Houser, a Democrat from Cedar Rapids, said he hasn't decide whether he'll seek a recount. Complete but unofficial results have Harris defeating Houser by 167 votes of 16,727 cast – 0.9 percent.
“I'm talking to my campaign people, and seeing what they recommend,” he said.
If Harris' margin holds, “it will change the dynamic quite a bit,” said District 4 Supervisor Brent Oleson, currently the only Republican on the five-member board. “I already have a great working relationship with Supervisor (Ben) Rogers, and John Harris is in the mold of Supervisor Rogers – always trying to look for positive solutions that everybody can support.”
Harris, whose in-person campaigning was virtually non-existent due to his treatments for cancer, hasn't responded to calls today seeking comment. Oleson said he visited Harris at his Palo home before returns started coming in Tuesday night and exchanged texts with him as his win became apparent.
“We were in awe,” Oleson said.
Republican Harris took only two of the district's Cedar Rapids districts: the city's 12th precinct (polling at Coolidge Elementary School) and the 47th, at Viola Gibson Elementary School attended by Palo students. But he swept the precincts outside the city, overcoming Houser's 377-vote edge with his own 544-vote margin in rural precincts.
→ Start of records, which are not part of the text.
(* For every $\ell\ge0$ and every $\mathbf z=(z_1,\dots,z_{K-1})\in[0,1)^{K-1}$ at which $1-z_\kappa\zeta_+(z_1,\dots,z_\kappa)\neq0$ for all $\kappa=1,\dots,K-1$, $$G_\ell(z_1,\dots,z_{K-1})=(1-r)\,\zeta_-(z_1,\dots,z_{K-1})^{\ell}\prod_{\kappa=1}^{K-1}\frac{1-z_\kappa\,\zeta_+(z_1,\dots,z_{\kappa-1})}{1-z_\kappa\,\zeta_+(z_1,\dots,z_\kappa)}.$$ For $K=2$ this reads $G_\ell(z_1)=(1-r)\zeta_-(z_1)^\ell(1-z_1)/(1-z_1\zeta_+(z_1))$.
   Context: Fix integers $c\ge 1$, $K\ge 2$ and reals $r_1,\dots,r_K>0$ with $r=\sum_{k=1}^K r_k<1$ (here $r_k=\lambda_k/(c\mu)$ for an M/M/$c$ queue with $K$ non-preemptive priority levels, level 1 the highest, Poisson arrival rates $\lambda_k$ and common exponential service rate $\mu$). Write $\sigma_k=\sum_{j=1}^k r_j$ ($\sigma_0=0$, $\sigma_K=r$), $\mathbf e_\kappa$ for the standard unit vectors of $\mathbb Z^K$, $\delta_{ij}$ for the Kronecker delta. Consider the equations for $(p_{\mathbf n})_{\mathbf n\in\mathbb N_0^K}$, with the convention $p_{\mathbf n}=0$ if some component of $\mathbf n$ is negative: $$(1+r)p_{\mathbf n}=\Big(\prod_{j=1}^K\delta_{0n_j}\Big)p_{\mathbf n}+\sum_{\kappa=1}^K\Big[r_\kappa p_{\mathbf n-\mathbf e_\kappa}+\Big(\prod_{j=1}^{\kappa-1}\delta_{0n_j}\Big)p_{\mathbf n+\mathbf e_\kappa}\Big],\quad \mathbf n\in\mathbb N_0^K .$$ These are the stationary balance equations for the states in which all $c$ servers are busy and $n_\kappa$ clients of level $\kappa$ wait in the queue; their nonnegative summable solutions form a one-dimensional cone, and $P$ denotes the unique solution with $\sum_{\mathbf n}P(\mathbf n)=1$. For $\kappa=0,1,\dots,K-1$ and $z_1,\dots,z_\kappa\in[0,1]$ define $\beta(z_1,\dots,z_\kappa)=\sum_{k=1}^\kappa z_k r_{K+1-k}$ (so $\beta()=0$) and $$\zeta_\pm(z_1,\dots,z_\kappa)=\tfrac12\Big[1+r-\beta\pm\sqrt{(1+r-\beta)^2-4\sigma_{K-\kappa}}\Big],\quad \beta=\beta(z_1,\dots,z_\kappa),$$ the two real roots of $\zeta^2-(1+r-\beta)\zeta+\sigma_{K-\kappa}=0$; in particular $\zeta_+()=1$, $\zeta_-()=r$. For $\ell\ge0$ define $$G_\ell(z_1,\dots,z_{K-1})=\sum_{n_2,\dots,n_K\ge0}P(\ell,n_2,\dots,n_K)\prod_{j=2}^K z_{K+1-j}^{\,n_j},$$ so $z_1$ is paired with the lowest level $K$ and $z_{K-1}$ with level $2$. *)

From HB Require Import structures.
From mathcomp Require Import all_boot all_order all_algebra.
From mathcomp Require Import all_classical all_reals all_analysis.
Set Implicit Arguments. Unset Strict Implicit. Unset Printing Implicit Defensive.
Import Order.TTheory GRing.Theory Num.Theory.
Local Open Scope ring_scope.
Local Open Scope classical_set_scope.

(* A state n = (n_1,...,n_K) in N_0^K is a finite function 'I_K -> nat;
   level k (1 <= k <= K) is stored at index k-1. *)
Definition lev (K : nat) (n : {ffun 'I_K -> nat}) (k : nat) : nat :=
  odflt 0%N (omap n (insub k.-1 : option 'I_K)).

(* n - e_{j+1} (only used when n j > 0) and n + e_{j+1}, for j : 'I_K *)
Definition decr (K : nat) (n : {ffun 'I_K -> nat}) (j : 'I_K) : {ffun 'I_K -> nat} :=
  [ffun i => if i == j then (n i).-1 else n i].
Definition incr (K : nat) (n : {ffun 'I_K -> nat}) (j : 'I_K) : {ffun 'I_K -> nat} :=
  [ffun i => if i == j then (n i).+1 else n i].

Section Defs.
Variable R : realType.

Definition sigma (r : nat -> R) (m : nat) : R := \sum_(1 <= j < m.+1) r j.

(* balance equations; p(n - e_kappa) := 0 when n_kappa = 0 *)
Definition balance (K : nat) (r : nat -> R) (p : {ffun 'I_K -> nat} -> R) : Prop :=
  forall n : {ffun 'I_K -> nat},
    (1 + sigma r K) * p n =
      (if [forall i : 'I_K, n i == 0%N] then p n else 0)
      + \sum_(j < K)
          (r j.+1 * (if n j == 0%N then 0 else p (decr n j))
           + (if [forall i : 'I_K, (i < j)%N ==> (n i == 0%N)]
              then p (incr n j) else 0)).

Definition beta (r : nat -> R) (K : nat) (z : nat -> R) (kappa : nat) : R :=
  \sum_(1 <= k < kappa.+1) z k * r (K.+1 - k)%N.

Definition bb (r : nat -> R) (K : nat) (z : nat -> R) (kappa : nat) : R :=
  1 + sigma r K - beta r K z kappa.

Definition zeta_plus (r : nat -> R) (K : nat) (z : nat -> R) (kappa : nat) : R :=
  (bb r K z kappa + Num.sqrt (bb r K z kappa ^+ 2 - 4 * sigma r (K - kappa)%N)) / 2.
Definition zeta_minus (r : nat -> R) (K : nat) (z : nat -> R) (kappa : nat) : R :=
  (bb r K z kappa - Num.sqrt (bb r K z kappa ^+ 2 - 4 * sigma r (K - kappa)%N)) / 2.

Definition Gfun (K : nat) (P : {ffun 'I_K -> nat} -> R) (z : nat -> R) (l : nat)
  : \bar R :=
  esum [set n : {ffun 'I_K -> nat} | lev n 1 = l]
    (fun n => (P n * \prod_(2 <= j < K.+1) z (K.+1 - j)%N ^+ lev n j)%:E).

End Defs.

From HB Require Import structures.
From mathcomp Require Import all_boot all_order all_algebra.
From mathcomp Require Import all_classical all_reals all_analysis.
From mathcomp Require Import ring lra zify.
Set Implicit Arguments. Unset Strict Implicit. Unset Printing Implicit Defensive.
Import Order.TTheory GRing.Theory Num.Theory numFieldNormedType.Exports.
Local Open Scope ring_scope.
Local Open Scope classical_set_scope.

(* Fix t in 1..K, give the levels 1..t the variable 1 and level i > t the variable
   z_(K+1-i).  Grouping the states by the number a of clients waiting in levels 1..t,
   the weighted masses g_t(a) obey, after summing the balance equations, the recurrence
   g_t(a+2) = (1 + r - beta) g_t(a+1) - sigma_t g_t(a), whose characteristic roots are
   zeta_-(z_1..z_(K-t)) and zeta_+(z_1..z_(K-t)).  Since zeta_+ >= 1 while g_t is
   nonnegative and summable, g_t(a) = zeta_-^a g_t(0).  The balance equations at a = 0
   for t and for t+1 share the departures from the levels above t+1; eliminating them
   gives g_t(0) (1 - z_(K-t) zeta_+(z_1..z_(K-t)))
       = g_(t+1)(0) (1 - z_(K-t) zeta_+(z_1..z_(K-t-1))).
   Finally g_K(0) = P(0) = 1 - r by normalization, and G_l = g_1(l). *)

Section EsumFacts.
Variables (R : realType) (T : choiceType).

Lemma esumZl (S : set T) (a : T -> \bar R) (c : R) : 0 <= c ->
  (forall i, (0 <= a i)%E) ->
  esum S (fun i => (c%:E * a i)%E) = (c%:E * esum S a)%E.
Proof.
move=> c0 a0; rewrite /esum -ereal_supZl //; last first.
  by apply/set0P; exists (\sum_(x \in set0) a x)%R; exists set0 => //; exact: fsets_set0.
congr ereal_sup; apply/seteqP; split.
- move=> _ [A [finA AS] <-]; exists (\sum_(x \in A) a x)%R; first by exists A.
  by rewrite !fsbig_finite // ge0_sume_distrr.
- move=> _ [_ [A [finA AS] <-] <-]; exists A => //.
  by rewrite !fsbig_finite // ge0_sume_distrr.
Qed.

Lemma esum_delta (m : T) (e : \bar R) : (0 <= e)%E ->
  esum [set: T] (fun n => if n == m then e else 0%E) = e.
Proof.
move=> e0; rewrite (esumID [set m]); last by move=> n _; case: (n == m).
rewrite [X in (_ + X)%E]esum1 ?adde0; last first.
  by move=> n [_ /= nm]; case: eqP => // /nm.
by rewrite setTI esum_set1 ?eqxx.
Qed.

End EsumFacts.

Section States.
Variable K : nat.
Local Notation state := {ffun 'I_K -> nat}.

Definition state0 : state := [ffun => 0%N].

(* A service completion takes a client of level [j+1] only if levels [1..j] are empty. *)
Definition lower_empty (n : state) (j : 'I_K) : bool :=
  [forall i : 'I_K, (i < j)%N ==> (n i == 0%N)].

Definition prefix_size (t : nat) (n : state) : nat := (\sum_(i < K | (i < t)%N) n i)%N.

Definition monomial (R : pzSemiRingType) (x : 'I_K -> R) (n : state) : R :=
  \prod_(i < K) x i ^+ n i.

Lemma incrE (n : state) j i : incr n j i = if i == j then (n i).+1 else n i.
Proof. by rewrite ffunE. Qed.

Lemma decr_incr (n : state) j : decr (incr n j) j = n.
Proof. by apply/ffunP => i; rewrite !ffunE; case: (i == j). Qed.

Lemma incr_decr (n : state) j : n j != 0%N -> incr (decr n j) j = n.
Proof.
move=> nj; apply/ffunP => i; rewrite !ffunE; case: eqP => [->|//].
by rewrite prednK // lt0n.
Qed.

Lemma incr_inj j : injective (fun n : state => incr n j).
Proof. by move=> n m /(congr1 (fun u => decr u j)); rewrite !decr_incr. Qed.

Lemma lev_ord (n : state) (i : 'I_K) : lev n i.+1 = n i.
Proof.
rewrite /lev /=; case: insubP => [j _ ej|]; last by move=> /negP []; exact: ltn_ord.
by rewrite /= (_ : j = i) //; apply: val_inj; rewrite ej.
Qed.

Lemma all0_state0 (n : state) : [forall i, n i == 0%N] = (n == state0).
Proof.
apply/forallP/eqP => [h|-> i]; last by rewrite ffunE.
by apply/ffunP => i; rewrite ffunE; apply/eqP.
Qed.

Lemma lower_empty_incr (n : state) j : lower_empty (incr n j) j = lower_empty n j.
Proof.
rewrite /lower_empty; apply: eq_forallb => i; rewrite incrE.
by case: (eqVneq i j) => [->|_]; rewrite ?ltnn.
Qed.

Lemma prefix_size_incr t (n : state) j :
  prefix_size t (incr n j) = (prefix_size t n + (j < t))%N.
Proof.
rewrite /prefix_size; case: (ltnP j t) => jt.
  rewrite (bigD1 j) //= [in RHS](bigD1 j) //= incrE eqxx.
  rewrite (eq_bigr (fun i => n i)); first by rewrite addSn addn1.
  by move=> i /andP[_ ij]; rewrite incrE (negPf ij).
rewrite addn0; apply: eq_bigr => i it; rewrite incrE; case: eqP => // ij.
by move: it; rewrite ij ltnNge jt.
Qed.

Lemma prefix_size_state0 t : prefix_size t state0 = 0%N.
Proof. by rewrite /prefix_size big1 // => i _; rewrite ffunE. Qed.

Lemma prefix_sizeS t (tK : (t < K)%N) (n : state) :
  prefix_size t.+1 n = (prefix_size t n + n (Ordinal tK))%N.
Proof.
rewrite /prefix_size (bigD1 (Ordinal tK)) //= addnC; congr (_ + _)%N.
by apply: eq_bigl => i; rewrite -val_eqE /= ltnS andbC -ltn_neqAle.
Qed.

Lemma prefix_size_eq0 t (n : state) :
  prefix_size t n = 0%N -> forall i : 'I_K, (i < t)%N -> n i = 0%N.
Proof.
move=> h i it; move: h; rewrite /prefix_size (bigD1 i) //= => /eqP.
by rewrite addn_eq0 => /andP[/eqP -> _].
Qed.

Lemma prefix_size_neq0 t (n : state) :
  prefix_size t n != 0%N -> exists2 i : 'I_K, (i < t)%N & n i != 0%N.
Proof.
move=> tn; case: (pickP (fun i : 'I_K => (i < t)%N && (n i != 0%N))) => [i /andP[]|none].
  by exists i.
move: tn; rewrite /prefix_size big1 // => i it; move: (none i); rewrite it /=.
by move/negbFE/eqP.
Qed.

(* Exactly one of the first t levels, the first occupied one, has [lower_empty]. *)
Lemma sum_first_occupied (R : realType) t (n : state) (e : \bar R) :
  prefix_size t n != 0%N ->
  (\sum_(j < K | (j < t)%N) (if (n j != 0%N) && lower_empty n j then e else 0%E))%R = e.
Proof.
move=> /prefix_size_neq0[i0 i0t ni0].
case: (@arg_minnP _ i0 (fun i : 'I_K => (i < t)%N && (n i != 0%N)) val); first by rewrite i0t ni0.
move=> j0 /andP[j0t nj0] minj0.
have first_j0 (j : 'I_K) : (j < t)%N -> ((n j != 0%N) && lower_empty n j) = (j == j0).
  move=> jt; case: (eqVneq j j0) => [->|jj0].
    rewrite nj0 /=; apply/forallP => i; apply/implyP => ij0.
    apply/negPn/negP => ni; have := minj0 i; rewrite ni (ltn_trans ij0 j0t) /=.
    by move=> /(_ isT); rewrite leqNgt ij0.
  apply/negbTE/negP => /andP[nj /forallP/(_ j0)/implyP cj].
  have := minj0 j; rewrite jt nj => /(_ isT); rewrite leq_eqVlt => /orP[/eqP e'|lt].
    by move: jj0; rewrite (val_inj e') eqxx.
  by move: (cj lt); rewrite (negPf nj0).
rewrite (bigD1 j0) //= big1 ?adde0; first by rewrite first_j0 // eqxx.
by move=> j /andP[jt jj0]; rewrite first_j0 // (negPf jj0).
Qed.

Section Monomial.
Variable R : realType.
Implicit Types (x : 'I_K -> R) (n : state).

Lemma monomial_incr x n j : monomial x (incr n j) = x j * monomial x n.
Proof.
rewrite /monomial (bigD1 j) //= [in RHS](bigD1 j) //= incrE eqxx exprS -mulrA.
by congr (_ * (_ * _)); apply: eq_bigr => i ij; rewrite incrE (negPf ij).
Qed.

Lemma monomial_state0 x : monomial x state0 = 1.
Proof. by rewrite /monomial big1 // => i _; rewrite ffunE expr0. Qed.

Lemma monomial_ge0 x n : (forall i, 0 <= x i) -> 0 <= monomial x n.
Proof. by move=> h; rewrite /monomial prodr_ge0 // => i _; rewrite exprn_ge0. Qed.

Lemma monomial_le1 x n : (forall i, 0 <= x i <= 1) -> monomial x n <= 1.
Proof.
move=> h; rewrite /monomial prodr_ile1 // => i _; have /andP[h0 h1] := h i.
by rewrite exprn_ge0 // exprn_ile1.
Qed.

Lemma esum_incr (j : 'I_K) (F : state -> \bar R) (Q : pred state) :
  esum [set: state] (fun n => if (n j != 0%N) && Q n then F n else 0%E) =
  esum [set: state] (fun m => if Q (incr m j) then F (incr m j) else 0%E).
Proof.
transitivity (esum [set n : state | n j != 0%N] (fun n => if Q n then F n else 0%E)).
  rewrite [RHS]esum_mkcond; apply: eq_esum => n _ /=.
  have -> : (n \in [set n1 : state | n1 j != 0%N]) = (n j != 0%N).
    by apply/idP/idP => [/set_mem|/mem_set].
  by case: (n j != 0%N).
rewrite (reindex_esum [set: state] [set n : state | n j != 0%N] (fun m => incr m j)) //.
split.
- by move=> m _ /=; rewrite incrE eqxx.
- by move=> m1 m2 _ _; apply: incr_inj.
- by move=> n /= nj; exists (decr n j) => //; apply: incr_decr.
Qed.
“The rural precijncts voted Republican,” said Houser. “There was so much negative at the top of the ticket it had an effect all the way down.”
Oleson said he expects Harris' health won't prevent him from serving.
“He's going to fight it and win and be a great supervisor,” he said. “That's how he looks at it, and that's how I look at it, and that's how everybody should look at it.”
State law exempts candidates from the usual $100 bond posting when the margin is less than 1 percent, Linn County Auditor Joel Miller said.
Houser has until Nov. 12 to file a recount petition with the county board, which would then consider a vote ordering a recount, Miller said. (State law designates the petition deadline as 5 p.m. the third day after the official canvass, which is Tuesday).
Miller said he expects Tuesday's result to stand up through the canvass process with a swing of a handful of votes either way.